Another complex fitted into the direction of the main thrust of the prosecution is Rothaug’s alleged political power position, inflated so as to appear almost like a myth, which to begin with is supported by an assertion which is the object of count four of the indictment. I shall prove that Rothaug’s duties did not extend beyond the professional organization of the Rechtswahrerbund and that, beyond that, he held no political post, and that in particular he did not belong anywhere, at any time, and in any function to the so-called corps of political leaders.

In this I shall take special care to reduce the case Doebig which has been brought into this context for the purpose of substantiation, to the proportions it deserves in the knowledge of the true facts of the case, as we ourselves feel urged to clear Rothaug’s real relationship to the Security Service (SD) as expressed in its principles, development, contents, and Rothaug’s inner attitude to it down to minute details.

Especially here as in all positions where the witnesses are interested in a certain presentation of conditions, we are fully conscious of the difficulties, and we know how easy it is today to find witnesses who by incriminating statements are given the chance to clear themselves. On the other hand, bearing in mind the totality of present psychological conditions it is difficult to find a person who would be prepared to stand up for truth’s sake if he were asked to do so for a person who by reason of biased evidence has been publicly defamed in such a manner that it has given rise to the fear of becoming involved in the greatest difficulties by confessing to a mere acquaintance with Rothaug. Because Rothaug’s political power position has extensively been brought in, in an attempt transparent to our eyes, to reduce the responsibility of others, he feels pressed to clarify his real relationship to his collaborators and the prosecutors within his sphere of work minutely and in its totality in its official and personal aspect irrespective of whether it concerns Rothaug’s official or unofficial statements, his alleged relationship to Streicher, Holz, and Zimmermann; his actual relationship to Haberkern, the “Blaue Traube” [Blue Grape], the mysterious “Stammtisch;” his “TeNo-Rang” [rank in Teno[81]]; his attitude toward the judicial administration, his “recording section” [Schallplattenbetrieb] in alleged spectacular proceedings; or his representation of the devil on earth. In all these matters and questions we have but one aim—To restore the truth in all its glory, for only in truth can we see the way which honorably and serenely will lead us out of this endangered vital position.

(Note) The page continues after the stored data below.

(* Let $(E,\tau)$ be a uniquely generated violator space. Then the partition $\mathcal{P}$ of $2^E$ into the equivalence classes of the relation $X\sim Y\iff\tau(X)=\tau(Y)$ is a hypercube partition of $2^E$, i.e., every equivalence class is an interval $[A,B]=\{C\subseteq E: A\subseteq C\subseteq B\}$ for some $A\subseteq B\subseteq E$.
   Context: $E$ is a finite set and $\tau:2^E\to 2^E$. $(E,\tau)$ is a violator space if (C1) $Y\subseteq\tau(Y)$ for all $Y\subseteq E$, and (C22) for all $F,G\subseteq E$, $F\subseteq G\subseteq\tau(F)$ implies $\tau(G)=\tau(F)$. For $X\subseteq E$, a generator of $X$ is any $B\subseteq E$ with $\tau(B)=\tau(X)$; a basis of $X$ is an inclusion-minimal generator of $X$. The space is uniquely generated if every $X\subseteq E$ has exactly one basis. A hypercube partition of $2^E$ is a partition of $2^E$ into disjoint intervals $[A,B]$. *)

From mathcomp Require Import all_boot.
Set Implicit Arguments. Unset Strict Implicit. Unset Printing Implicit Defensive.

Definition violator_space (E : finType) (tau : {set E} -> {set E}) : Prop :=
  (forall Y : {set E}, Y \subset tau Y) /\
  (forall F G : {set E}, F \subset G -> G \subset tau F -> tau G = tau F).

Definition generator (E : finType) (tau : {set E} -> {set E}) (X B : {set E}) : Prop :=
  tau B = tau X.

Definition basis (E : finType) (tau : {set E} -> {set E}) (X B : {set E}) : Prop :=
  generator tau X B /\
  (forall B' : {set E}, B' \subset B -> generator tau X B' -> B' = B).

Definition uniquely_generated (E : finType) (tau : {set E} -> {set E}) : Prop :=
  forall X : {set E}, exists B : {set E},
    basis tau X B /\ forall B', basis tau X B' -> B' = B.

Definition interval (E : finType) (A B : {set E}) : {set {set E}} :=
  [set C : {set E} | (A \subset C) && (C \subset B)].

Definition tau_class (E : finType) (tau : {set E} -> {set E}) (X : {set E})
  : {set {set E}} := [set Y : {set E} | tau Y == tau X].

Definition classes_are_intervals (E : finType) (tau : {set E} -> {set E}) : Prop :=
  forall X : {set E}, exists A B : {set E},
    A \subset B /\ tau_class tau X = interval A B.

From mathcomp Require Import all_boot.

(* The class of X is the interval [A, tau X], where A is the unique basis of X.
   Every member Y of the class lies below tau Y = tau X, and contains a minimal
   generator of X inside itself, which by uniqueness is A; conversely any Y with
   A <= Y <= tau X = tau A has tau Y = tau A by axiom (C22). *)

Section ViolatorSpace.

Variables (E : finType) (tau : {set E} -> {set E}).

Lemma basis_subset_generator {X Y : {set E}} :
  generator tau X Y -> exists2 B, basis tau X B & B \subset Y.
Proof.
move=> genY.
have PY : [pred Z : {set E} | (tau Z == tau X) && (Z \subset Y)] Y.
  by rewrite /= genY eqxx subxx.
have [B minB] := minset_exists PY.
have /andP [/eqP genB BY] := minsetp minB.
exists B => //; split=> // B' B'B genB'.
by apply: (minsetinf minB); rewrite //= genB' eqxx (subset_trans B'B BY).
Qed.

Hypothesis tauV : violator_space tau.

Lemma tau_extensive (Y : {set E}) : Y \subset tau Y.
Proof. by case: tauV. Qed.

Lemma tau_eq_between (A Y : {set E}) :
  A \subset Y -> Y \subset tau A -> tau Y = tau A.
Proof. by case: tauV => _; apply. Qed.

Lemma tau_class_interval_basis (X A : {set E}) :
  basis tau X A -> (forall B, basis tau X B -> B = A) ->
  tau_class tau X = interval A (tau X).
Proof.
move=> [genA _] uniqA; apply/setP => Y; rewrite !inE.
apply/eqP/andP => [genY | [AY YtauX]].
- have [B /uniqA-> BY] := basis_subset_generator genY.
  by rewrite BY -genY tau_extensive.
- by rewrite -genA in YtauX *; apply: tau_eq_between.
Qed.

End ViolatorSpace.

Theorem mainTheorem16 (E : finType) (tau : {set E} -> {set E}) :
  violator_space tau -> uniquely_generated tau -> classes_are_intervals tau.
Proof.
move=> tauV uniq_gen X.
have [A [basisA uniqA]] := uniq_gen X.
exists A, (tau X); split; last exact: tau_class_interval_basis.
by case: basisA => <- _; apply: tau_extensive.
Qed.
Lemma derive_expdiag_sandwich t (S : 'M[C]_r) l v :
  'D_v (fun y => expdiag t y *m S *m expdiag t y) l
  = t *: (diag_mx v *m expdiag t l *m S *m expdiag t l
          + expdiag t l *m S *m expdiag t l *m diag_mx v).
Proof.
have dE := @derivable_expdiag t l v.
have dS := derivable_cst S l v.
have dES : derivable (fun y => expdiag t y *m S) l v := derivable_mulmx dE dS.
rewrite (derive_mulmx dES dE) (derive_mulmx dE dS) derive_cst mulmx0 addr0 derive_expdiag.
rewrite -!scalemxAl -scalemxAr scalerDr; congr (_ + _).
by rewrite /expdiag [diag_mx v *m _]diag_mxC !mulmxA.
Qed.
Lemma derive_mul_expdiag p (Q : 'M[C]_(p, r)) t l v :
  'D_v (fun y => Q *m expdiag t y) l = t *: (Q *m expdiag t l *m diag_mx v).
Proof.
rewrite derive_mulmxl; last exact: derivable_expdiag.
by rewrite derive_expdiag -scalemxAr /expdiag diag_mxC mulmxA.
Qed.

End DiagonalExponential.

Local Open Scope complex_scope.
(* If $\Gamma\vdash_r M:\delta\mid\Delta$ (derivable in the restricted type system) for some restricted basis $\Gamma$, restricted name context $\Delta$ and $\delta\in\Lambda^r_D$, then $M$ is strongly normalising.
   Context: $\lambda\mu$ terms and commands: $M::=x\mid\lambda x.M\mid MN\mid\mu\alpha.\mathsf C$ and $\mathsf C::=[\alpha]M$. Structural substitution $T[\alpha\Leftarrow L]$ replaces, recursively, every subterm $[\alpha]N$ by $[\alpha](N[\alpha\Leftarrow L])L$. $M$ is strongly normalising if there is no infinite reduction sequence from $M$ for the compatible closure of $(\lambda x.M)N\to M[N/x]$ and $(\mu\alpha.\mathsf C)N\to\mu\alpha.\mathsf C[\alpha\Leftarrow N]$. (The paper notes that adding the renaming rule $[\alpha]\mu\beta.\mathsf C\to\mathsf C[\alpha/\beta]$ does not change this set.) Full type system. $R=\{\bot\sqsubset\top\}$ and $\psi=\psi_\top$. - $\Lambda_R$: $\rho::=\psi_a\mid\omega\mid\rho\wedge\rho$; - $\Lambda_D$: $\delta::=\rho\mid\kappa\to\rho\mid\omega\mid\delta\wedge\delta$; - $\Lambda_C$: $\kappa::=\delta\times\kappa\mid\omega\mid\kappa\wedge\kappa$. The relations $\le_R,\le_D,\le_C$ are the least reflexive, transitive relations with $\sigma\wedge\tau\le\sigma,\tau$, $\sigma\le\omega$, $\rho\le\sigma,\tau\Rightarrow\rho\le\sigma\wedge\tau$, and additionally: - $\psi_\bot\sim\omega$ and $\psi_{a\sqcup b}\sim\psi_a\wedge\psi_b$; - $\le_R\subseteq\le_D$; - $\omega\le_D\omega\to\omega$; - $\psi_a\le_D\omega\to\psi_a\le_D\psi_a$; - $\omega\le_C\omega\times\omega$; - $(\kappa\to\rho_1)\wedge(\kappa\to\rho_2)\le_D\kappa\to(\rho_1\wedge\rho_2)$; - $(\delta_1\times\kappa_1)\wedge(\delta_2\times\kappa_2)\le_C(\delta_1\wedge\delta_2)\times(\kappa_1\wedge\kappa_2)$; - $\to$ is contravariant in $\Lambda_C$ and covariant in $\Lambda_R$; - $\times$ is covariant in both arguments. Assignment rules, with bases $\Gamma$ (finite maps variables $\to\Lambda_D$), contexts $\Delta$ (finite maps names $\to\Lambda_C$), and $\Gamma(x)$, $\Delta(\alpha)$ equal to $\omega$ outside the domain: - (Ax) $\Gamma,x{:}\delta\vdash x:\delta\mid\Delta$. - (Abs) From $\Gamma\vdash M:\kappa\to\rho\mid\Delta$, $\Gamma(x)=\delta$, infer $\Gamma\setminus x\vdash\lambda x.M:(\delta\times\kappa)\to\rho\mid\Delta$. - (App) From $\Gamma\vdash M:(\delta\times\kappa)\to\rho\mid\Delta$ and $\Gamma\vdash N:\delta\mid\Delta$, infer $\Gamma\vdash MN:\kappa\to\rho\mid\Delta$. - (Cmd) From $\Gamma\vdash M:\delta\mid\Delta$, $\Delta(\alpha)=\kappa$, infer $\Gamma\vdash[\alpha]M:\delta\times\kappa\mid\Delta$. - ($\mu$) From $\Gamma\vdash\mathsf C:(\kappa'\to\rho)\times\kappa'\mid\Delta$, $\Delta(\alpha)=\kappa$, infer $\Gamma\vdash\mu\alpha.\mathsf C:\kappa\to\rho\mid\Delta\setminus\alpha$. - ($\wedge$), ($\omega$) ($T:\omega$), and ($\le$) subsumption. Restricted system. Restricted types: $\Lambda^r_D$: $\delta::=\kappa\to\psi\mid\delta\wedge\delta$; $\Lambda^r_C$: $\kappa::=\omega\mid\delta\times\kappa\mid\kappa\wedge\kappa$. A restricted basis (resp. context) assigns only types in $\Lambda^r_D$ (resp. $\Lambda^r_C$). A judgement is restricted if its basis and context are restricted and its predicate is in $\Lambda^r_D\cup\Lambda^r_C$. $\Gamma\vdash_r T:\sigma\mid\Delta$ means the judgement is derivable with the rules above, without rule ($\omega$), and with every judgement in the derivation restricted. *)

From Stdlib Require Import Arith Bool.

IV. GENERAL DEVELOPMENT OF GERMAN LAW DURING THE NAZI PERIOD

A. Introduction

Throughout the trial and in the judgment of the Tribunal, references were frequently made to various laws and decrees issued during Hitler’s Third Reich. Some of these laws and decrees were introduced by the prosecution, some by the defense, and some by both the prosecution and the defense. Most of these laws and decrees are relevant in connection with more than one of the principal issues of the case. Hence, with respect to laws and decrees selected for publication herein, it has often been difficult to decide where a particular law or decree should appear within the sections of this volume. To reduce the complexity of this matter, more than 30 laws and decrees have been reproduced together in the chronological order of their promulgation. (Section B, “Selected Laws and Decrees, 1933–1944.”) A number of other laws and decrees appear in the later sections of the volume. In a further effort to reduce the difficulties inherent in this situation, cross-references by way of footnotes have often been made to laws or decrees mentioned in the documents and in the testimony.

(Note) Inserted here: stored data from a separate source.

(* Let $K=\mathrm{SU}(2)$, $\mathcal{M}=\{(g_1,h_1,g_2,h_2)\in K^4:[g_1,h_1][g_2,h_2]=I\}/K$, $\mathcal{M}^i$ the set of classes of non-abelian quadruples, and $\mathcal{M}^\circ=\mu^{-1}(\tilde\Delta^\circ)$. Then $\mathcal{M}^\circ\subsetneq\mathcal{M}^i$.
   Context: $[a,b]=aba^{-1}b^{-1}$; $K$ acts by simultaneous conjugation and $[g_1;h_1;g_2;h_2]$ denotes a class. A quadruple is abelian if its entries pairwise commute. For $a\in K$ let $f(a)=\frac1\pi\arccos(\mathrm{tr}(a)/2)$; $\mu:\mathcal{M}\to\mathbb{R}^3$, $\mu([g_1;h_1;g_2;h_2])=(f(h_1),f(h_2),f(h_1h_2))$. $\tilde\Delta$ is the tetrahedron with vertices $(0,0,0),(0,1,1),(1,0,1),(1,1,0)$ and $\tilde\Delta^\circ$ its interior. *)

From HB Require Import structures.
From mathcomp Require Import all_boot all_order all_algebra.
From mathcomp Require Import all_classical all_reals all_analysis.
From mathcomp Require Import complex.
Set Implicit Arguments. Unset Strict Implicit. Unset Printing Implicit Defensive.
Import Order.TTheory GRing.Theory Num.Theory.
Import numFieldNormedType.Exports.
Local Open Scope classical_set_scope.
Local Open Scope ring_scope.

Section SU2Defs.
Variable R : realType.

Definition mat2 := 'M[R[i]]_2.

Definition adj2 (A : mat2) : mat2 := (map_mx (@conjc R) A)^T.

Definition SU2 : set mat2 := [set A | A *m adj2 A = 1%:M /\ \det A = 1].

Definition comm2 (a b : mat2) : mat2 := a * b * a^-1 * b^-1.

Definition quad := (mat2 * mat2 * mat2 * mat2)%type.

Definition qg1 (q : quad) := q.1.1.1.
Definition qh1 (q : quad) := q.1.1.2.
Definition qg2 (q : quad) := q.1.2.
Definition qh2 (q : quad) := q.2.

Definition Rel : set quad := [set q |
  [/\ SU2 (qg1 q), SU2 (qh1 q), SU2 (qg2 q), SU2 (qh2 q)
    & comm2 (qg1 q) (qh1 q) * comm2 (qg2 q) (qh2 q) = 1]].

Definition conjq (k : mat2) (q : quad) : quad :=
  (k * qg1 q * k^-1, k * qh1 q * k^-1, k * qg2 q * k^-1, k * qh2 q * k^-1).

Definition qclass (q : quad) : set quad :=
  [set q' | exists k, SU2 k /\ q' = conjq k q].

Definition Mspace : set (set quad) := [set c | exists q, Rel q /\ c = qclass q].

Definition abelianq (q : quad) : Prop :=
  let s := [:: qg1 q; qh1 q; qg2 q; qh2 q] in
  forall i j : 'I_4, nth 0 s i * nth 0 s j = nth 0 s j * nth 0 s i.

Definition Mirr : set (set quad) :=
  [set c | exists q, [/\ Rel q, ~ abelianq q & c = qclass q]].

(* f(a) = arccos(tr(a)/2)/pi  (tr a is real for a in SU(2); we take Re) *)
Definition fSU2 (a : mat2) : R := acos (complex.Re (\tr a) / 2) / pi.

(* mu on representatives; it is conjugation invariant *)
Definition muq (q : quad) : 'rV[R]_3 :=
  \row_(i < 3) nth 0 [:: fSU2 (qh1 q); fSU2 (qh2 q); fSU2 (qh1 q * qh2 q)] i.

Definition pt3 (x y z : R) : 'rV[R]_3 := \row_(i < 3) nth 0 [:: x; y; z] i.

Definition tvert (i : 'I_4) : 'rV[R]_3 :=
  nth 0 [:: pt3 0 0 0; pt3 0 1 1; pt3 1 0 1; pt3 1 1 0] i.

Definition tDelta : set 'rV[R]_3 :=
  [set x | exists l : 'I_4 -> R,
     [/\ forall i, 0 <= l i, \sum_(i < 4) l i = 1 & x = \sum_(i < 4) l i *: tvert i]].

Definition Mcirc : set (set quad) :=
  [set c | exists q, [/\ Rel q, c = qclass q & interior tDelta (muq q)]].

End SU2Defs.

From HB Require Import structures.
From mathcomp Require Import all_boot all_order all_algebra.
From mathcomp Require Import all_classical all_reals all_analysis.
From mathcomp Require Import complex.
From mathcomp Require Import ring lra.
Set Implicit Arguments. Unset Strict Implicit. Unset Printing Implicit Defensive.
Import Order.TTheory GRing.Theory Num.Theory.
Import numFieldNormedType.Exports.
Local Open Scope classical_set_scope.
Local Open Scope ring_scope.

(* Elements of SU(2) are unit quaternions, and two of them commute exactly when
   their imaginary parts are parallel.  If h1 and h2 commute and have angles
   a = arccos(tr h1 / 2), b = arccos(tr h2 / 2), then tr (h1 h2) / 2 is
   cos (a - b) or cos (a + b), so the third coordinate of pi mu is |a - b|,
   a + b or 2 pi - (a + b): mu lies on a facet plane of the tetrahedron, not in
   its interior.  The inclusion is strict because the non-abelian quadruple
   (i, 1, j, 1) is mapped by mu to the vertex 0. *)

Section SU2Quaternions.
Variable R : realType.
Local Open Scope complex_scope.

Definition mx22 (a b c d : R[i]) : mat2 R :=
  \matrix_(i < 2, j < 2) if i == 0 then (if j == 0 then a else b)
                         else (if j == 0 then c else d).

Lemma mx22_eta (A : mat2 R) : A = mx22 (A 0 0) (A 0 1) (A 1 0) (A 1 1).
Proof.
apply/matrixP => i j; rewrite mxE.
by case: i => -[|[|i]] Hi //; case: j => -[|[|j]] Hj //=; congr (A _ _); apply/val_inj.
Qed.

Lemma mx22_inj a b c d a' b' c' d' :
  mx22 a b c d = mx22 a' b' c' d' -> [/\ a = a', b = b', c = c' & d = d'].
Proof.
move=> eq_mx; have entry i j := congr1 (fun M : mat2 R => M i j) eq_mx.
by move: (entry 0 0) (entry 0 1) (entry 1 0) (entry 1 1); rewrite !mxE.
Qed.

Since the main issues of the case involved the organization and administration of justice in the Third Reich, it was also thought appropriate to include early in the volume some general materials on the organization of the Reich Ministry of Justice and the German judicial system (sec. C). First appears a brief excerpt from the testimony of the defendant Mettgenberg concerning the position and responsibility of leading officials in the Reich Ministry of Justice (sec. C1). This is followed by parts of a “Basic Information” of justice (sec. C2). This “Basic Information” was submitted by the prosecution at the beginning of the trial not as evidence, but rather as an aid to the understanding of the evidence later submitted. The parts reproduced herein include a “Summary of the organization of the administration of justice in Germany” and two charts purporting to show graphically the structure of the regular and extraordinary courts and the main positions held by the defendants in the over-all administration of justice. The next following materials are all contemporaneous documents, principally laws and decrees, concerning the establishment and functioning of the Special Courts (sec. C3), the People’s Court (sec. C4), the hereditary health courts (sec. C5), and civilian courts martial (sec. C6).

These materials on the general structure and organization of the administration of justice are followed by extracts from the testimony of the defense expert witness, Professor Jahrreiss, whose testimony dealt comprehensively with the development of German law and justice from a period far antedating the Nazi regime (sec. D). This section concludes with extracts from the testimony of the defendant Schlegelberger, under secretary (Staatssekretaer) in the Reich Ministry of Justice (sec. E). In addition to giving a leading defense point of view concerning general legal developments during the Hitler regime, this testimony introduces a number of the leading figures who played a role in the administration of justice and whose names frequently arise in the later appearing documents and testimony.